The problem of local authorities is that they have lost budgetary autonomy, with the abolition of the housing tax, whereas they must fulfill a certain number of missions and respect strict budgetary rules, such as the impossibility of ‘have a budget deficit excluding investment. The State does not really have control over what communities do, apart from voting on the grants it pays them, most often to compensate for cuts in resources, such as the end of the housing tax. Communities therefore take a very dim view of the choices imposed by the State.

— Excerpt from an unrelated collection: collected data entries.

Lemma la_sumr I (s : seq I) X h : la h (\sum_(i <- s) X i) = \sum_(i <- s) la h (X i).
Proof. by apply: linmap_sum => c x y; rewrite laDr. Qed.
Lemma ra_suml I (s : seq I) X h : ra (\sum_(i <- s) X i) h = \sum_(i <- s) ra (X i) h.
Proof. by apply: (linmap_sum (g := ra^~ h)) => c x y; rewrite raDl. Qed.
Lemma ra_sumr I (s : seq I) X a : ra a (\sum_(i <- s) X i) = \sum_(i <- s) ra a (X i).
Proof. by apply: linmap_sum => c x y; rewrite raDr. Qed.
Lemma laZl c h a : la (c *: h) a = c *: la h a.
Proof. by apply: (linmapZ (g := la^~ a)) => c0 x y; rewrite laDl. Qed.
Lemma laZr c h a : la h (c *: a) = c *: la h a.
Proof. by apply: linmapZ => c0 x y; rewrite laDr. Qed.
Lemma raZr c h a : ra a (c *: h) = c *: ra a h.
Proof. by apply: linmapZ => c0 x y; rewrite raDr. Qed.

Lemma sum_pslD c a b (F : H * A -> k) : bilin F ->
  \sum_(p <- psl (c *: a + b)) F p = c * \sum_(p <- psl a) F p + \sum_(p <- psl b) F p.
Proof.
move=> hF; case: LRd => _ [[PlL _] _ _ _ _] _ _.
rewrite (teq2_sum (PlL c a b) hF) big_cat big_map mulr_sumr; congr (_ + _).
by apply: eq_bigr => -[p1 p2] _ /=; exact: bilinZr.
Qed.

Lemma sum_psrD c a b (F : A * H -> k) : bilin F ->
  \sum_(p <- psr (c *: a + b)) F p = c * \sum_(p <- psr a) F p + \sum_(p <- psr b) F p.
Proof.
move=> hF; case: LRd => _ [[_ PrL] _ _ _ _] _ _.
rewrite (teq2_sum (PrL c a b) hF) big_cat big_map mulr_sumr; congr (_ + _).
by apply: eq_bigr => -[p1 p2] _ /=; exact: bilinZl.
Qed.

Lemma sum_psl_coassoc a (F : (H * H) * A -> k) : trilin F ->
  \sum_(p <- psl a) \sum_(q <- Delta p.1) F ((q.1, q.2), p.2) =
  \sum_(p <- psl a) \sum_(q <- psl p.2) F ((p.1, q.1), q.2).
Proof.
move=> hF; case: LRd => _ [_ [PlC _] _ _ _] _ _.
by have := teq3_sum (PlC a) hF; rewrite !big_allpairs_dep.
Qed.

Lemma sum_psr_coassoc a (F : (A * H) * H -> k) : trilin F ->
  \sum_(p <- psr a) \sum_(q <- psr p.1) F ((q.1, q.2), p.2) =
  \sum_(p <- psr a) \sum_(q <- Delta p.2) F ((p.1, q.1), q.2).
Proof.
move=> hF; case: LRd => _ [_ _ [PrC _] _ _] _ _.
by have := teq3_sum (PrC a) hF; rewrite !big_allpairs_dep.
Qed.

Lemma sum_bicomodule a (F : (H * A) * H -> k) : trilin F ->
  \sum_(p <- psr a) \sum_(q <- psl p.1) F ((q.1, q.2), p.2) =
  \sum_(p <- psl a) \sum_(q <- psr p.2) F ((p.1, q.1), q.2).
Proof.
move=> hF; case: LRd => _ [_ _ _ [BiC _] _] _ _.
by have := teq3_sum (BiC a) hF; rewrite !big_allpairs_dep.
Qed.

Lemma sum_psr_counit a (G : A -> k) : lin G -> \sum_(p <- psr a) eps p.2 * G p.1 = G a.
Proof.
move=> hG; rewrite -[in RHS](psr_counit a) (lin_sum _ _ hG).
by apply: eq_bigr => p _; rewrite linZ.
Qed.

Lemma sum_pslM a b (F : H * A -> k) : bilin F -> \sum_(p <- psl (a * b)) F p =
  \sum_(p <- psl a) \sum_(q <- psl b) F (p.1 * q.1, p.2 * q.2).
Proof.
move=> hF; case: LRd => _ [_ _ _ [_ [PlM _]] _] _ _.
by rewrite (teq2_sum (PlM a b) hF) big_allpairs_dep.
Qed.

Lemma sum_psrM a b (F : A * H -> k) : bilin F -> \sum_(p <- psr (a * b)) F p =
  \sum_(p <- psr a) \sum_(q <- psr b) F (p.1 * q.1, p.2 * q.2).
Proof.
move=> hF; case: LRd => _ [_ _ _ _ [PrM _]] _ _.
by rewrite (teq2_sum (PrM a b) hF) big_allpairs_dep.
Qed.

Lemma sum_psl1 (F : H * A -> k) : bilin F -> \sum_(p <- psl 1) F p = F (1, 1).
Proof.
move=> hF; case: LRd => _ [_ _ _ [_ [_ Pl1]] _] _ _.
by rewrite (teq2_sum Pl1 hF) big_seq1.
Qed.

Lemma sum_psr1 (F : A * H -> k) : bilin F -> \sum_(p <- psr 1) F p = F (1, 1).
Proof.
move=> hF; case: LRd => _ [_ _ _ _ [_ Pr1]] _ _.
by rewrite (teq2_sum Pr1 hF) big_seq1.
Qed.

Lemma sum_psl_la h a (F : H * A -> k) : bilin F ->
  \sum_(p <- psl (la h a)) F p = \sum_(p <- psl a) F (p.1, la h p.2).
Proof.
move=> hF; case: LRd => _ _ [Pl_la _] _.
by rewrite (teq2_sum (Pl_la h a) hF) big_map.
Qed.

Lemma sum_psr_la h a (F : A * H -> k) : bilin F ->
  \sum_(p <- psr (la h a)) F p = \sum_(p <- psr a) F (la h p.1, p.2).
Proof.
move=> hF; case: LRd => _ _ [_ Pr_la] _.
by rewrite (teq2_sum (Pr_la h a) hF) big_map.
Qed.

Lemma sum_psl_ra h a (F : H * A -> k) : bilin F ->
  \sum_(p <- psl (ra a h)) F p = \sum_(p <- psl a) F (p.1, ra p.2 h).
Proof.
move=> hF; case: LRd => _ _ _ [Pl_ra _].
by rewrite (teq2_sum (Pl_ra h a) hF) big_map.
Qed.

Lemma sum_psr_ra h a (F : A * H -> k) : bilin F ->
  \sum_(p <- psr (ra a h)) F p = \sum_(p <- psr a) F (ra p.1 h, p.2).
Proof.
move=> hF; case: LRd => _ _ _ [_ Pr_ra].
by rewrite (teq2_sum (Pr_ra h a) hF) big_map.
Qed.

Lemma sum_psl_sum I (s : seq I) (X : I -> A) (F : H * A -> k) : bilin F ->
  \sum_(i <- s) \sum_(p <- psl (X i)) F p = \sum_(p <- psl (\sum_(i <- s) X i)) F p.
Proof.
move=> hF; have psl0 : \sum_(p <- psl 0) F p = 0.
  have := sum_pslD 1 0 0 hF; rewrite scale1r addr0 mul1r => e.
  by apply: (addrI (\sum_(p <- psl 0) F p)); rewrite -e addr0.
elim: s => [|i s IH]; first by rewrite !big_nil psl0.
by rewrite !big_cons IH -{2}(scale1r (X i)) sum_pslD // mul1r.
Qed.

Lemma sum_psr_sum I (s : seq I) (X : I -> A) (F : A * H -> k) : bilin F ->
  \sum_(i <- s) \sum_(p <- psr (X i)) F p = \sum_(p <- psr (\sum_(i <- s) X i)) F p.
Proof.
move=> hF; have psr0 : \sum_(p <- psr 0) F p = 0.
  have := sum_psrD 1 0 0 hF; rewrite scale1r addr0 mul1r => e.
  by apply: (addrI (\sum_(p <- psr 0) F p)); rewrite -e addr0.
elim: s => [|i s IH]; first by rewrite !big_nil psr0.
by rewrite !big_cons IH -{2}(scale1r (X i)) sum_psrD // mul1r.
Qed.

Lemma lin_psl (V : lmodType k) (g : V -> A) (F : H * A -> k) :
  linmap g -> bilin F -> lin (fun v => \sum_(p <- psl (g v)) F p).
Proof. by move=> hg hF c x y; rewrite hg sum_pslD. Qed.

Lemma lin_psr (V : lmodType k) (g : V -> A) (F : A * H -> k) :
  linmap g -> bilin F -> lin (fun v => \sum_(p <- psr (g v)) F p).
Proof. by move=> hg hF c x y; rewrite hg sum_psrD. Qed.

Ltac lin_expand_hook ::= rewrite ?laDl ?laDr ?raDr ?raDl ?SD ?SinvD ?epsD.
Ltac lin_apply_hook ::= first [apply: lin_Delta | apply: lin_psl | apply: lin_psr].

Let pi := piLR la ra.
Let psi := psiLR Sinv psl psr.

Lemma pi_teq2 x y a : teq2 x y -> pi x a = pi y a.
Proof.
move=> hxy; apply: eq_by_functionals => g hg; unpack_lin.
rewrite /pi /piLR !(lin_sum _ _ hg).
apply: (teq2_sum hxy (F := fun p => g (la p.1 (ra a p.2)))); solve_lin.
Qed.

Lemma piDr x c a b : pi x (c *: a + b) = c *: pi x a + pi x b.
Proof.
rewrite /pi /piLR scaler_sumr -big_split; apply: eq_bigr => p _.
by rewrite raDl laDr.
Qed.

Lemma piDl x y c a :
  pi ([seq (c *: p.1, p.2) | p <- x] ++ y) a = c *: pi x a + pi y a.
Proof.
rewrite /pi /piLR big_cat big_map scaler_sumr; congr (_ + _).
by apply: eq_bigr => p _; rewrite laZl.
Qed.

Lemma pi_actM x y a : pi (Kmul x y) a = pi x (pi y a).
Proof.
rewrite /pi /piLR /Kmul big_allpairs_dep; apply: eq_bigr => p _.
rewrite ra_suml la_sumr; apply: eq_bigr => q _.
by rewrite la_actM ra_actM la_ra.
Qed.

Lemma pi_act1 a : pi (@Kone k H) a = a.
Proof. by rewrite /pi /piLR /Kone big_seq1 ra_act1 la_act1. Qed.

Lemma pi_seq1 z a : pi [:: z] a = la z.1 (ra a z.2).
Proof. by rewrite /pi /piLR big_seq1. Qed.

Lemma pi_mul x a b :
  pi x (a * b) = \sum_(p <- KDelta Delta x) pi [:: p.1] a * pi [:: p.2] b.
Proof.
rewrite /pi /piLR /KDelta big_flatten big_map; apply: eq_bigr => p _.
rewrite big_allpairs_dep ra_mul la_sumr exchange_big /=; apply: eq_bigr => r _.
by rewrite la_mul; apply: eq_bigr => q _; rewrite !big_seq1.
Qed.

Lemma pi_one x : pi x 1 = Keps eps x *: 1.
Proof.
rewrite /pi /piLR /Keps scaler_suml; apply: eq_bigr => p _.
by rewrite ra_one laZr la_one scalerA mulrC.
Qed.

Lemma psiD c a b :
  teq3 (psi (c *: a + b)) ([seq (p.1, c *: p.2) | p <- psi a] ++ psi b).
Proof.
move=> f hf; unpack_lin; rewrite /psi /psiLR; do 3 big_simp.
rewrite (sum_pslD _ _ _ (F := fun u => \sum_(w <- psr u.2) f u.1 (Sinv w.2) w.1)); last by solve_lin.
congr (_ + _); rewrite mulr_sumr; apply: eq_bigr => u _.
by rewrite mulr_sumr; apply: eq_bigr => w _; rewrite ml3Z3.
Qed.

Lemma psi_counit a : \sum_(p <- psi a) Keps eps [:: p.1] *: p.2 = a.
Proof.
rewrite /psi /psiLR big_allpairs_dep -[in RHS](psl_counit a); apply: eq_bigr => u _.
rewrite -[in RHS](psr_counit u.2) scaler_sumr; apply: eq_bigr => w _.
by rewrite /Keps big_seq1 /= epsSinv scalerA.
Qed.

Lemma psi1 : teq3 (psi 1) [:: ((1, 1), 1)].
Proof.
move=> f hf; unpack_lin; rewrite /psi /psiLR; do 3 big_simp.
rewrite (sum_psl1 (F := fun u => \sum_(w <- psr u.2) f u.1 (Sinv w.2) w.1)) /=; last by solve_lin.
rewrite (sum_psr1 (F := fun w => f 1 (Sinv w.2) w.1)) /=; last by solve_lin.
by rewrite Sinv1 addr0.
Qed.

Lemma psiM a b : teq3 (psi (a * b))
  [seq ((p.1.1 * q.1.1, q.1.2 * p.1.2), p.2 * q.2) | p <- psi a, q <- psi b].
Proof.
move=> f hf; unpack_lin; rewrite /psi /psiLR; do 3 big_simp.
rewrite (sum_pslM _ _ (F := fun u => \sum_(w <- psr u.2) f u.1 (Sinv w.2) w.1)) /=; last by solve_lin.
apply: eq_bigr => u _.
transitivity (\sum_(i <- psl b) \sum_(w <- psr u.2) \sum_(w' <- psr i.2)
   f (u.1 * i.1) (Sinv w'.2 * Sinv w.2) (w.1 * w'.1)).
  apply: eq_bigr => u' _.
  rewrite (sum_psrM _ _ (F := fun w => f (u.1 * u'.1) (Sinv w.2) w.1)) /=; last by solve_lin.
  by apply: eq_bigr => w _; apply: eq_bigr => w' _; rewrite SinvM.
under [in RHS]eq_bigr => w _ do rewrite big_allpairs_dep /=.
by rewrite exchange_big.
Qed.

Lemma psi_pi x a : teq3 (psi (pi x a)) [seq (p.1, pi x p.2) | p <- psi a].
Proof.
move=> f hf; unpack_lin; rewrite /psi /psiLR; do 3 big_simp.
rewrite /pi /piLR -(sum_psl_sum _ (fun r => la r.1 (ra a r.2))
  (F := fun u => \sum_(w <- psr u.2) f u.1 (Sinv w.2) w.1)); last by solve_lin.
transitivity (\sum_(r <- x) \sum_(u <- psl a) \sum_(w <- psr u.2)
   f u.1 (Sinv w.2) (la r.1 (ra w.1 r.2))).
  apply: eq_bigr => r _.
  rewrite (sum_psl_la _ _ (F := fun u => \sum_(w <- psr u.2) f u.1 (Sinv w.2) w.1)) /=;
    last by solve_lin.
  rewrite (sum_psl_ra _ _ (F := fun u => \sum_(w <- psr (la r.1 u.2)) f u.1 (Sinv w.2) w.1)) /=;
    last by solve_lin.
  apply: eq_bigr => u _.
  rewrite (sum_psr_la _ _ (F := fun w => f u.1 (Sinv w.2) w.1)) /=; last by solve_lin.
  by rewrite (sum_psr_ra _ _ (F := fun w => f u.1 (Sinv w.2) (la r.1 w.1))) /=; last by solve_lin.
rewrite exchange_big; apply: eq_bigr => u _; rewrite exchange_big; apply: eq_bigr => w _.
by rewrite ml3_sum3.
Qed.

In this budget we have the impression that the choice was made to reduce almost everywhere. Would it not have been better to define priorities (for example the future, by focusing on training, ecological transition or investment in favor of competitiveness) rather than giving a general plan?

There is undoubtedly a “fundamentals” side to this budget. It is difficult to see a long-term strategy on innovation, ecological transition or a vision for schools when we are asking to do more with less. Added to this is the fact that many measures are presented as exceptional, short-term. There is clearly a lack of a global and long-term vision. But we must not forget that this budget was finalized in a few days. A long-term policy cannot be decided so quickly, because it requires long reflection, a detailed diagnosis and a strategy. Michel Barnier is more in the position of a firefighter trying to put out a fire. If it is difficult to see the overall economic logic, it is because the priority is first and foremost budgetary.